● DESCRIPTION OF THE TASK
Please copy each line from the entries that contains the string "cells".

(MATERIAL SUPPLIED)

(* Suppose that $\mathcal L,\mathcal K,\mathscr J_1,\mathscr J_2$ are subsets of $\{1,\dots,n\}$ such that $\mathcal K\supseteq\mathscr J_1\cup\mathscr J_2$ and $\mathcal L\supseteq\mathscr J_1\cap\mathscr J_2\cap\mathcal K$. Then $$L_{\mathscr J_1}\cdot L_{\mathscr J_2}\subseteq L_{\mathcal L}+I(A_{\mathcal K}).$$
   Context: $\mathbb K$ is a field, $R=\mathbb K[x_{i_1,\dots,i_n}:1\le i_j\le a_j]$, $A=(x_{i_1,\dots,i_n})$ the generic $a_1\times\dots\times a_n$ table. For a tuple $\sigma$ with $\sigma_j\in\{1,\dots,a_j\}\cup\{+\}$, $x_\sigma$ is the sum of all $x_{i_1,\dots,i_n}$ with $i_j=\sigma_j$ whenever $\sigma_j\ne+$. For $\mathscr J=\{j_1<\dots<j_m\}\subseteq\{1,\dots,n\}$ the margin $A_{\mathscr J}$ is the table whose $(i_1,\dots,i_m)$ entry is $x_\sigma$ with $\sigma_{j_r}=i_r$, $\sigma_j=+$ for $j\notin\mathscr J$; $L_{\mathscr J}$ is the ideal of $R$ generated by the entries of $A_{\mathscr J}$. For a table $B$ with entries in $R$, $I(B)$ is the ideal generated by all generalized $2\times2$ minors of $B$, i.e. determinants $\det\begin{pmatrix} b_{i_1,\dots,i_m} & b_{j_1,\dots,j_{l-1},i_l,j_{l+1},\dots,j_m}\\ b_{i_1,\dots,i_{l-1},j_l,i_{l+1},\dots,i_m} & b_{j_1,\dots,j_m}\end{pmatrix}$. *)

From HB Require Import structures.
From mathcomp Require Import all_boot all_order all_algebra.
From mathcomp Require Import mpoly.
Set Implicit Arguments. Unset Strict Implicit. Unset Printing Implicit Defensive.
Import GRing.Theory.
Local Open Scope ring_scope.

(* Cell indices of the generic a_1 x ... x a_n table (0-based:
   coordinate j ranges over 'I_(a j) instead of {1,..,a_j}). *)
Definition cell (n : nat) (a : 'I_n -> nat) : finType :=
  {dffun forall j : 'I_n, 'I_(a j)}.

(* The polynomial ring R = K[x_t : t cell], variables indexed via enum_rank. *)
Definition polyR (K : fieldType) (n : nat) (a : 'I_n -> nat) :=
  {mpoly K[#|cell a|]}.

Definition xvar (K : fieldType) (n : nat) (a : 'I_n -> nat) (t : cell a)
  : polyR K a := 'X_(enum_rank t).

(* Entry of the margin A_J at (the J-coordinates of) t: the sum of x_u over
   all cells u agreeing with t on the coordinates in J.  It only depends on
   the coordinates of t in J, so {margin J t | t} is exactly the set of
   entries of A_J. *)
Definition margin (K : fieldType) (n : nat) (a : 'I_n -> nat)
  (J : {set 'I_n}) (t : cell a) : polyR K a :=
  \sum_(u : cell a | [forall j in J, u j == t j]) xvar K u.

Definition setcoord (n : nat) (a : 'I_n -> nat) (s : cell a) (l : 'I_n)
  (t : cell a) : cell a :=
  [ffun k => if k == l then t k else s k].

Definition ideal_gen (R : comPzRingType) (S : R -> Prop) (p : R) : Prop :=
  exists s : seq (R * R),
    (forall q, q \in s -> S q.2) /\ p = \sum_(q <- s) q.1 * q.2.

Definition ideal_add (R : comPzRingType) (I J : R -> Prop) : R -> Prop :=
  ideal_gen (fun p => I p \/ J p).

Definition ideal_mul (R : comPzRingType) (I J : R -> Prop) : R -> Prop :=
  ideal_gen (fun p => exists x y, I x /\ J y /\ p = x * y).

Definition Lideal (K : fieldType) (n : nat) (a : 'I_n -> nat)
  (J : {set 'I_n}) : polyR K a -> Prop :=
  ideal_gen (fun p => exists t : cell a, p = margin K J t).

(* Generalized 2x2 minor of A_Kc: for cells i, j and a direction l in Kc,
   det [[b_i, b_{j[l:=i_l]}], [b_{i[l:=j_l]}, b_j]]. *)
Definition gen_minor (K : fieldType) (n : nat) (a : 'I_n -> nat)
  (Kc : {set 'I_n}) (i j : cell a) (l : 'I_n) : polyR K a :=
  margin K Kc i * margin K Kc j
  - margin K Kc (setcoord j l i) * margin K Kc (setcoord i l j).

Definition Iminors (K : fieldType) (n : nat) (a : 'I_n -> nat)
  (Kc : {set 'I_n}) : polyR K a -> Prop :=
  ideal_gen (fun p => exists (i j : cell a) (l : 'I_n),
                        l \in Kc /\ p = gen_minor K Kc i j l).

Arguments xvar K {n a} t.
Arguments margin K {n a} J t.
Arguments Lideal K {n a} J _.
Arguments gen_minor K {n a} Kc i j l.
Arguments Iminors K {n a} Kc _.

From HB Require Import structures.
From mathcomp Require Import all_boot all_order all_algebra.
From mathcomp Require Import mpoly.

(* Both ideals are generated by margins, so it suffices to treat a product
   b_J1(s) * b_J2(t) of two margin entries.  Since J1 and J2 lie in Kc, each
   factor is a sum of entries b_Kc(k) of the finer margin A_Kc, and the
   product is a sum of products b_Kc(k) * b_Kc(k').  Modulo I(A_Kc) we may
   exchange the coordinates of k and k' in D = J2 \ J1 one at a time, since
   every single exchange is a generalized 2x2 minor.  After the exchange the
   second factor only remembers the coordinates of t on J1 :&: J2, so the
   sum factors as (a sum of entries of A_Kc) * b_(J1 :&: J2)(t), and the
   last factor lies in L_L because J1 :&: J2 is contained in L. *)

Set Implicit Arguments. Unset Strict Implicit. Unset Printing Implicit Defensive.
Import GRing.Theory.
Local Open Scope ring_scope.

Section Ideals.
Variable R : comPzRingType.

Definition is_ideal (I : R -> Prop) :=
  [/\ I 0, forall x y, I x -> I y -> I (x + y) & forall r x, I x -> I (r * x)].

Lemma ideal_gen_is_ideal (S : R -> Prop) : is_ideal (ideal_gen S).
Proof.
split.
- by exists [::]; rewrite big_nil.
- move=> _ _ [s1 [S1 ->]] [s2 [S2 ->]]; exists (s1 ++ s2).
  by split=> [q|]; rewrite ?big_cat // mem_cat => /orP[/S1|/S2].
- move=> r _ [s [Ss ->]]; exists [seq (r * q.1, q.2) | q <- s]; split.
    by move=> q /mapP[q' /Ss + ->].
  by rewrite big_map mulr_sumr; apply: eq_bigr => q _; rewrite mulrA.
Qed.

Lemma mem_ideal_gen (S : R -> Prop) x : S x -> ideal_gen S x.
Proof.
move=> Sx; exists [:: (1, x)].
by split=> [q|]; rewrite ?big_seq1 ?mul1r // inE => /eqP ->.
Qed.

Lemma ideal_gen_min (S I : R -> Prop) : is_ideal I -> (forall x, S x -> I x) ->
  forall p, ideal_gen S p -> I p.
Proof.
move=> [I0 ID IM] SI _ [s [Ss ->]]; elim: s Ss => [|q s IHs] Ss.
  by rewrite big_nil.
rewrite big_cons; apply: ID; first by apply/IM/SI/Ss; rewrite inE eqxx.
by apply: IHs => q' q's; apply: Ss; rewrite inE q's orbT.
Qed.

Lemma ideal_sum (I : R -> Prop) (T : finType) (P : pred T) (F : T -> R) :
  is_ideal I -> (forall i, P i -> I (F i)) -> I (\sum_(i | P i) F i).
Proof. by move=> [I0 ID _] IF; apply: big_ind. Qed.

Lemma ideal_mul_preim (I : R -> Prop) x : is_ideal I -> is_ideal (fun y => I (x * y)).
Proof.
move=> [I0 ID IM]; split=> [|y1 y2 Iy1 Iy2|r y Iy]; first by rewrite mulr0.
  by rewrite mulrDr; apply: ID.
by rewrite mulrCA; apply: IM.
Qed.

Lemma ideal_mul_gen_min (S T I : R -> Prop) : is_ideal I ->
  (forall x y, S x -> T y -> I (x * y)) ->
  forall p, ideal_mul (ideal_gen S) (ideal_gen T) p -> I p.
Proof.
move=> idI ST; apply: ideal_gen_min => // _ [x [y [Sx [Ty ->]]]].
have genS_T y' : T y' -> I (x * y').
  move=> Ty'; rewrite mulrC; apply: (ideal_gen_min (ideal_mul_preim y' idI)) Sx.
  by move=> x' Sx'; rewrite mulrC; apply: ST.
exact: (ideal_gen_min (ideal_mul_preim x idI)) Ty.
Qed.

End Ideals.

Section Margins.
Variables (K : fieldType) (n : nat) (a : 'I_n -> nat).
Implicit Types (A D J Kc L : {set 'I_n}) (k s t u v : cell a).

Local Notation b := (margin K).

Definition agree A u v := [forall j in A, u j == v j].

Lemma agreeP A u v : reflect {in A, forall j, u j = v j} (agree A u v).
Proof.
apply: (iffP forall_inP) => uv j /uv; first exact/eqP.
by move->.
Qed.

Lemma agreeU A D u v : agree (A :|: D) u v = agree A u v && agree D u v.
Proof.
apply/agreeP/andP => [uv|[/agreeP uvA /agreeP uvD] j].
  by split; apply/agreeP => j j_in; apply: uv; rewrite inE j_in ?orbT.
by rewrite inE => /orP[/uvA|/uvD].
Qed.

Definition splice D k k' : cell a := [ffun j => if j \in D then k' j else k j].

Lemma spliceE D k k' j : splice D k k' j = if j \in D then k' j else k j.
Proof. by rewrite ffunE. Qed.

Lemma splice0 k k' : splice set0 k k' = k.
Proof. by apply/ffunP => j; rewrite spliceE in_set0. Qed.

Lemma spliceK D k k' : splice D (splice D k k') (splice D k' k) = k.
Proof. by apply/ffunP => j; rewrite !spliceE; case: (j \in D). Qed.

Lemma agree_splice_out A D k k' v :
  [disjoint A & D] -> agree A (splice D k k') v = agree A k v.
Proof.
move=> AD; apply: eq_forallb_in => j jA.
by rewrite spliceE (disjointFr AD jA).
Qed.

Lemma agree_splice_in A D k k' v :
  A \subset D -> agree A (splice D k k') v = agree A k' v.
Proof. by move=> AD; apply: eq_forallb_in => j jA; rewrite spliceE (subsetP AD). Qed.

(* Coordinates outside Kc are pinned to those of the arbitrary cell s, so that
   every entry of A_Kc is counted exactly once. *)
Lemma margin_refine Kc J s t : J \subset Kc ->
  b J t = \sum_(k | agree (~: Kc) k s && agree J k t) b Kc k.
Proof.
move=> JKc; rewrite /margin (exchange_big_dep (fun u => agree J u t)) /=; last first.
  move=> k u /andP[_ /agreeP kt] /agreeP uk; apply/agreeP => j jJ.
  by rewrite uk ?kt // (subsetP JKc).
apply: eq_bigr => u ut; rewrite (big_pred1 (splice (~: Kc) u s)) // => k /=.
apply/idP/eqP => [/andP[/andP[/agreeP ks _] /agreeP uk]|->].
  apply/ffunP => j; rewrite spliceE; case: ifP => [/ks //|].
  by rewrite in_setC => /negbFE/uk.
have JKcC : [disjoint J & ~: Kc] by rewrite disjoints_subset setCK.
rewrite agree_splice_in // agree_splice_out // [agree J u t]ut andbT.
apply/andP; split; first exact/agreeP.
by apply/agreeP => j; rewrite spliceE inE => ->.
Qed.

Lemma margin_mem_Lideal L J t : J \subset L -> Lideal K L (b J t).
Proof.
move=> JL; rewrite (margin_refine t t JL).
by apply: ideal_sum (ideal_gen_is_ideal _) _ => k _; apply: mem_ideal_gen; exists k.
Qed.

Lemma splice_minor Kc D k k' : D \subset Kc ->
  Iminors K Kc (b Kc k * b Kc k' - b Kc (splice D k k') * b Kc (splice D k' k)).
Proof.
have [m] := ubnP #|D|; elim: m D => // m IHm D; rewrite ltnS => Dm DKc.
have [I0 ID _] : is_ideal (@Iminors K n a Kc) := ideal_gen_is_ideal _.
have [->|[l lD]] := set_0Vmem D; first by rewrite !splice0 subrr.
pose i := splice (D :\ l) k k'; pose j := splice (D :\ l) k' k.
rewrite -[_ - _](subrKA (b Kc i * b Kc j)); apply: ID.
  apply: IHm; last by rewrite (subset_trans (subD1set D l)).
  by rewrite (leq_trans _ Dm) // (cardsD1 l D) lD.
(* exchanging coordinate l of i and j is a single generalized minor *)
apply: mem_ideal_gen; exists i, j, l; split; first exact: (subsetP DKc).
rewrite /gen_minor [X in _ - X]mulrC; congr (_ - _ * _); congr (b Kc _).
  all: apply/ffunP => x; rewrite /setcoord /i /j !ffunE in_setD1.
  all: by case: eqP => [->|]; rewrite ?lD.
Qed.

Lemma margin_mul_mem L Kc J1 J2 s t :
  J1 :|: J2 \subset Kc -> J1 :&: J2 :&: Kc \subset L ->
  ideal_add (Lideal K L) (Iminors K Kc) (b J1 s * b J2 t).
Proof.
rewrite subUset => /andP[J1Kc J2Kc] J12L.
set D := J2 :\: J1; set M := J1 :&: J2.
have DKc : D \subset Kc by rewrite (subset_trans (subsetDl _ _)).
have MKc : M \subset Kc by rewrite (subset_trans (subsetIl _ _)).
have ML : M \subset L by rewrite -(setIidPl MKc).
have [_ ID IM] : is_ideal (ideal_add (@Lideal K n a L) (Iminors K Kc)).
  exact: ideal_gen_is_ideal.
pose P1 k := [&& agree (~: Kc) k s, agree J1 k s & agree D k t].
pose P2 k := agree (~: Kc) k s && agree M k t.
rewrite (margin_refine s s J1Kc) (margin_refine s t J2Kc) big_distrlr pair_big /=.
set S := (X in \sum_(p | X p) _).
set F := fun p : cell a * cell a => b Kc (splice D p.1 p.2) * b Kc (splice D p.2 p.1).
have SE k k' : S (k, k') = P1 (splice D k k') && P2 (splice D k' k).
  have outD : [disjoint ~: Kc & D] by rewrite disjoint_sym disjoints_subset setCK.
  have J1D : [disjoint J1 & D] by rewrite disjoints_subset setCD subsetUr.
  have MD : [disjoint M & D].
    by rewrite disjoints_subset setCD (subset_trans (subsetIl _ _)) ?subsetUr.
  have J2E : J2 = D :|: M by rewrite /D /M setUC setIC setID.
  rewrite /S /P1 /P2 /= [agree D _ t]agree_splice_in // !agree_splice_out //.
  rewrite J2E agreeU.
  by case: (agree _ k s); case: (agree _ k s); case: (agree _ k' s);
    case: (agree D k' t); case: (agree M k' t).
have prodE : \sum_(p | S p) F p = (\sum_(k | P1 k) b Kc k) * b M t.
  rewrite (margin_refine s t MKc) big_distrlr pair_big /=.
  have spliceI : involutive (fun p => (splice D p.1 p.2, splice D p.2 p.1)).
    by case=> k k'; rewrite /= !spliceK.
  by rewrite [RHS](reindex_inj (inv_inj spliceI)); apply: eq_big => -[k k'] //; rewrite SE.
rewrite -(subrK (\sum_(p | S p) F p) (\sum_(p | S p) b Kc p.1 * b Kc p.2)) -sumrB prodE.
apply: ID.
  by apply: ideal_sum (ideal_gen_is_ideal _) _ => -[k k'] _; apply/mem_ideal_gen;
    right; apply: splice_minor.
by apply/IM/mem_ideal_gen; left; apply: margin_mem_Lideal.
Qed.

End Margins.

Theorem proposition6p1 (K : fieldType) (n : nat) (a : 'I_n -> nat)
  (L Kc J1 J2 : {set 'I_n}) :
  (J1 :|: J2) \subset Kc ->
  (J1 :&: J2 :&: Kc) \subset L ->
  forall p : polyR K a,
    ideal_mul (Lideal K J1) (Lideal K J2) p ->
    ideal_add (Lideal K L) (Iminors K Kc) p.
Proof.
move=> J12Kc J12L; apply: ideal_mul_gen_min; first exact: ideal_gen_is_ideal.
by move=> _ _ [s ->] [t ->]; apply: margin_mul_mem.
Qed.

(End MATERIAL SUPPLIED)

● RESPONSE AREA
   all cells u agreeing with t on the coordinates in J.  It only depends on
(* Generalized 2x2 minor of A_Kc: for cells i, j and a direction l in Kc,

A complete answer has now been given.